:: DATA FOR PROCESSING
Lemma gterm_shift_bound (q z : Cx) : Cnorm q < 1 -> admissible q z ->
  exists C, 0 <= C /\ forall m k, Cnorm (gterm q (z * q ^ m) k) <= C * Cnorm (z * q ^ m) * Cnorm z ^ k.
Proof.
  intros Hq Hz. pose proof Hz as [Hz0 [Hz1 _]].
  destruct (qpoch_upper (q * q) (q * q) (Cnorm_sq_lt1 q Hq)) as [U1 HU1].
  destruct (qpoch_upper z q Hq) as [Uz HUz].
  destruct (qpoch_lower q q Hq (fun n => qpoch_self_nz q n Hq)) as [d1 [Hd1 HL1]].
  destruct (qpoch_lower z q Hq Hz1) as [dz [Hdz HLz]].
  assert (HU1p : 0 <= U1) by (eapply Rle_trans; [apply Cnorm_ge0 | apply (HU1 O)]).
  assert (HUzp : 0 < Uz) by (eapply Rlt_le_trans; [apply (Cnorm_pos _ (Hz1 O)) | apply (HUz O)]).
  pose proof (qpoch_shifted_lower z q dz Uz HUzp HLz HUz) as Hden.
  exists (U1 * Uz / (d1 * dz))%R. split.
  { apply Rmult_le_pos; [apply Rmult_le_pos; lra|].
    apply Rlt_le, Rinv_0_lt_compat, Rmult_lt_0_compat; lra. }
  intros m k. set (w := z * q ^ m) in *.
  assert (Hwz : Cnorm w <= Cnorm z).
  { unfold w. rewrite Cnorm_mul, Cnorm_pow. pose proof (Cnorm_ge0 z). pose proof (Cnorm_ge0 q).
    pose proof (pow_le_one (Cnorm q) m ltac:(lra) ltac:(lra)). pose proof (pow_le (Cnorm q) m ltac:(lra)).
    nra. }
  pose proof (Cnorm_ge0 w) as Hw0. unfold gterm.
  eapply Rle_trans; [apply Cnorm_quot_le with (A := (U1 * Cnorm w ^ S k)%R) (d := (d1 * (dz / Uz))%R)|].
  - apply Cmul_nz; [apply qpoch_self_nz, Hq | apply qpoch_tail_nz, Hz1].
  - rewrite Cnorm_mul, Cnorm_pow, Cnorm_opp.
    apply Rmult_le_compat; [apply Cnorm_ge0 | apply pow_le, Cnorm_ge0 | apply HU1 | lra].
  - apply Rmult_lt_0_compat; [exact Hd1 | apply Rdiv_lt_0_compat; lra].
  - rewrite Cnorm_mul. apply Rmult_le_compat; [lra | apply Rlt_le, Rdiv_lt_0_compat; lra | apply HL1 | apply Hden].
  - change (Cnorm w ^ S k)%R with (Cnorm w * Cnorm w ^ k)%R.
    pose proof (pow_le (Cnorm w) k Hw0). pose proof (pow_incr (Cnorm w) (Cnorm z) k ltac:(lra)).
    replace (U1 * (Cnorm w * Cnorm w ^ k) / (d1 * (dz / Uz)))%R
      with (U1 * Uz / (d1 * dz) * Cnorm w * Cnorm w ^ k)%R by (field; lra).
    apply Rmult_le_compat_l; [|assumption].
    apply Rmult_le_pos; [|exact Hw0]. apply Rmult_le_pos; [apply Rmult_le_pos; lra|].
    apply Rlt_le, Rinv_0_lt_compat, Rmult_lt_0_compat; lra.
Qed.

Lemma gterm_partial_bound (q z : Cx) : Cnorm q < 1 -> admissible q z ->
  exists B, 0 <= B /\ forall m K, Cnorm (Csum (gterm q (z * q ^ m)) K) <= B * Cnorm q ^ m.
Proof.
  intros Hq Hz. destruct (gterm_shift_bound q z Hq Hz) as [C [HC Hg]].
  pose proof Hz as [Hz0 _]. pose proof (Cnorm_ge0 z). pose proof (Cnorm_ge0 q).
  exists (C * Cnorm z * / (1 - Cnorm z))%R. split.
  { apply Rmult_le_pos; [apply Rmult_le_pos; lra | apply Rlt_le, Rinv_0_lt_compat; lra]. }
  intros m K. eapply Rle_trans; [apply Csum_norm|].
  apply Rle_trans with (Rsum (fun k => C * Cnorm (z * q ^ m)%C * Cnorm z ^ k) K)%R.
  { apply Rsum_le. intros k _. apply Hg. }
  rewrite Rsum_scal, Cnorm_mul, Cnorm_pow.
  pose proof (Rsum_geom_le (Cnorm z) K ltac:(lra) Hz0). pose proof (pow_le (Cnorm q) m ltac:(lra)).
  assert (0 <= C * (Cnorm z * Cnorm q ^ m))%R by (apply Rmult_le_pos; [lra | apply Rmult_le_pos; lra]).
  apply Rle_trans with (C * (Cnorm z * Cnorm q ^ m) * / (1 - Cnorm z))%R.
  - apply Rmult_le_compat_l; assumption.
  - right. field. lra.
Qed.

(** sum_k g(z,k) = sum_m t_1(z q^m): peel off one Lambert term at a time with
    [gterm_difference] and [Fone_series]; the leftover sum_k g(z q^m,k) is O(|q|^m). *)
Lemma lambert_rearrangement (q z L : Cx) : Cnorm q < 1 -> admissible q z -> Cseries_cv (gterm q z) L ->
  Cseries_cv (fun m => Fvalue q 1 (z * q ^ m)) L.
Proof.
  intros Hq Hz HL.
  assert (Hm : forall m, Cseries_cv (gterm q (z * q ^ m)) (L - Csum (fun i => Fvalue q 1 (z * q ^ i)) m)).
  { induction m as [|m IH].
    - replace (z * q ^ 0) with z by (cbn [Cpow]; ring). simpl.
      replace (L - Czero) with L by ring. exact HL.
    - set (w := z * q ^ m) in *.
      assert (Hw : admissible q w) by (apply admissible_shift; auto). pose proof Hw as [_ [Hw1 _]].
      replace (z * q ^ S m) with (w * q) by (unfold w; cbn [Cpow]; ring).
      pose proof (Cseries_lin Cone (- Cone) _ _ _ _ IH (Fone_series q w Hq Hw)) as Hc.
      replace (L - Csum (fun i => Fvalue q 1 (z * q ^ i)) (S m))
        with (Cone * (L - Csum (fun i => Fvalue q 1 (z * q ^ i)) m) + - Cone * Fvalue q 1 w)
        by (simpl; unfold w; ring).
      eapply Cseries_ext; [|exact Hc].
      intros k. cbv beta. rewrite <- (gterm_difference q w k Hq Hw1). ring. }
  destruct (gterm_partial_bound q z Hq Hz) as [B [HB HBb]].
  assert (Hv : Ccv (fun m => L - Csum (fun i => Fvalue q 1 (z * q ^ i)) m) Czero).
  { apply Ccv_squeeze with (r := fun m => (B * Cnorm q ^ m)%R).
    - intros m. apply (Ccv_bound _ _ _ (Hm m)). intros K. apply HBb.
    - apply Un_cv_scal_zero, Un_cv_geom; [apply Cnorm_ge0 | exact Hq]. }
  pose proof (Ccv_sub _ _ _ _ (Ccv_const L) Hv) as H.
  replace (L - Czero) with L in H by ring. eapply Ccv_ext; [|exact H]. intros n. cbv beta. ring.
Qed.

(** Summands of the two Bailey-pair sums on the left-hand side (indexed by m = n - 1). *)
Definition beta_term (q a : Cx) (beta : nat -> Cx) (m : nat) : Cx :=
  qpoch (q * q) (q * q) m * (- (q * a)) ^ (S m) * beta (S m).
Definition alpha_term (q a : Cx) (alpha : nat -> Cx) (m : nat) : Cx :=
  qpoch (q * q) (q * q) m * (- (q * a)) ^ (S m) / qpoch (q * q * (a * a)) (q * q) (S m) * alpha (S m).

(** Inserting the Bailey relation: the N-th beta summand is g(qa,N) plus the
    diagonal sum_(i<=N) alpha_(i+1) F_(i+1)(qa, N-i). *)
Lemma beta_term_expand (q a : Cx) (alpha beta : nat -> Cx) (N : nat) :
  Cnorm q < 1 -> admissible q (q * a) -> bailey_pair a q alpha beta ->
  beta_term q a beta N
  = gterm q (q * a) N + Csum (fun i => alpha (S i) * Fterm q (S i) (q * a) (N - i)) (S N).
Proof.
  intros Hq [_ [Hz1 _]] [Ha0 [_ Hb]]. unfold beta_term. rewrite Hb by lia.
  rewrite Csum_shift, Nat.sub_0_r, Nat.add_0_r, Ha0.
  replace (a * q) with (q * a) in * by ring.
  set (z := q * a) in *. set (X := qpoch (q * q) (q * q) N * (- z) ^ S N).
  rewrite Cmul_add_distr_l. f_equal.
  - unfold gterm, X. pose proof (qpoch_self_nz q (S N) Hq). pose proof (Hz1 (S N)). field. nz.
  - rewrite <- Csum_scal. apply Csum_ext. intros i Hi. unfold Fterm, X.
    replace (S i + (N - i) - 1)%nat with N by lia. replace (S i + (N - i))%nat with (S N) by lia.
    replace (S i + S i + (N - i))%nat with (S N + S i)%nat by lia.
    replace (S N - S i)%nat with (N - i)%nat by lia.
    pose proof (qpoch_self_nz q (N - i) Hq). pose proof (Hz1 (S N + S i)%nat). field. nz.
Qed.

(** Summing [beta_term_expand] over N < M regroups the diagonals into rows. *)
Lemma beta_partial_sums (q a : Cx) (alpha beta : nat -> Cx) (M : nat) :
  Cnorm q < 1 -> admissible q (q * a) -> bailey_pair a q alpha beta ->
  Csum (beta_term q a beta) M = Csum (gterm q (q * a)) M
    + Csum (fun i => alpha (S i) * Csum (Fterm q (S i) (q * a)) (M - i)) M.
Proof.
  intros Hq Hz Hb. induction M as [|M IH]; [simpl; ring|].
  cbn [Csum]. rewrite IH, (beta_term_expand q a alpha beta M Hq Hz Hb). cbn [Csum].
  rewrite (Csum_ext (fun i => alpha (S i) * Csum (Fterm q (S i) (q * a)) (S M - i))
             (fun i => alpha (S i) * Csum (Fterm q (S i) (q * a)) (M - i)
                       + alpha (S i) * Fterm q (S i) (q * a) (M - i)) M).
  - rewrite Csum_add. replace (S M - M)%nat with 1%nat by lia. rewrite Nat.sub_diag. simpl. ring.
  - intros i Hi. replace (S M - i)%nat with (S (M - i)) by lia. simpl. ring.
Qed.

Lemma alpha_term_eq (q a : Cx) (alpha : nat -> Cx) (i : nat) :
  alpha_term q a alpha i = alpha (S i) * Fvalue q (S i) (q * a).
Proof.
  unfold alpha_term, Fvalue. replace (S i - 1)%nat with i by lia.
  replace (q * a * (q * a)) with (q * q * (a * a)) by ring. ring.
Qed.

Lemma row_ratio (q a : Cx) (alpha : nat -> Cx) (i k : nat) : Cnorm q < 1 -> admissible q (q * a) ->
  alpha (S i) * Fterm q (S i) (q * a) k = alpha_term q a alpha i *
   (qpoch (q * q) (q * q) (i + k) * qpoch (q * a * (q * a)) (q * q) (S i) * (- (q * a)) ^ k
    / (qpoch (q * q) (q * q) i * qpoch q q k * qpoch (q * a) q (S i + S i + k))).
Proof.
  intros Hq [_ [Hz1 Hz2]]. rewrite alpha_term_eq. unfold Fterm, Fvalue.
  replace (S i + k - 1)%nat with (i + k)%nat by lia. replace (S i - 1)%nat with i by lia.
  rewrite Cpow_add.
  pose proof (qpoch_self_nz (q * q) i (Cnorm_sq_lt1 q Hq)). pose proof (qpoch_self_nz q k Hq).
  pose proof (Hz1 (S i + S i + k)%nat). pose proof (Hz2 (S i)).
  field. nz.
Qed.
::::
WORK ORDER: Only the lines from the start of the material through the line containing "destruct (qpoch_lower z" should be repeated, and they should be repeated exactly.

RESPONSE FOR THIS EXERCISE:
Lemma gterm_shift_bound (q z : Cx) : Cnorm q < 1 -> admissible q z ->
  exists C, 0 <= C /\ forall m k, Cnorm (gterm q (z * q ^ m) k) <= C * Cnorm (z * q ^ m) * Cnorm z ^ k.
Proof.
  intros Hq Hz. pose proof Hz as [Hz0 [Hz1 _]].
  destruct (qpoch_upper (q * q) (q * q) (Cnorm_sq_lt1 q Hq)) as [U1 HU1].
  destruct (qpoch_upper z q Hq) as [Uz HUz].
  destruct (qpoch_lower q q Hq (fun n => qpoch_self_nz q n Hq)) as [d1 [Hd1 HL1]].
  destruct (qpoch_lower z q Hq Hz1) as [dz [Hdz HLz]].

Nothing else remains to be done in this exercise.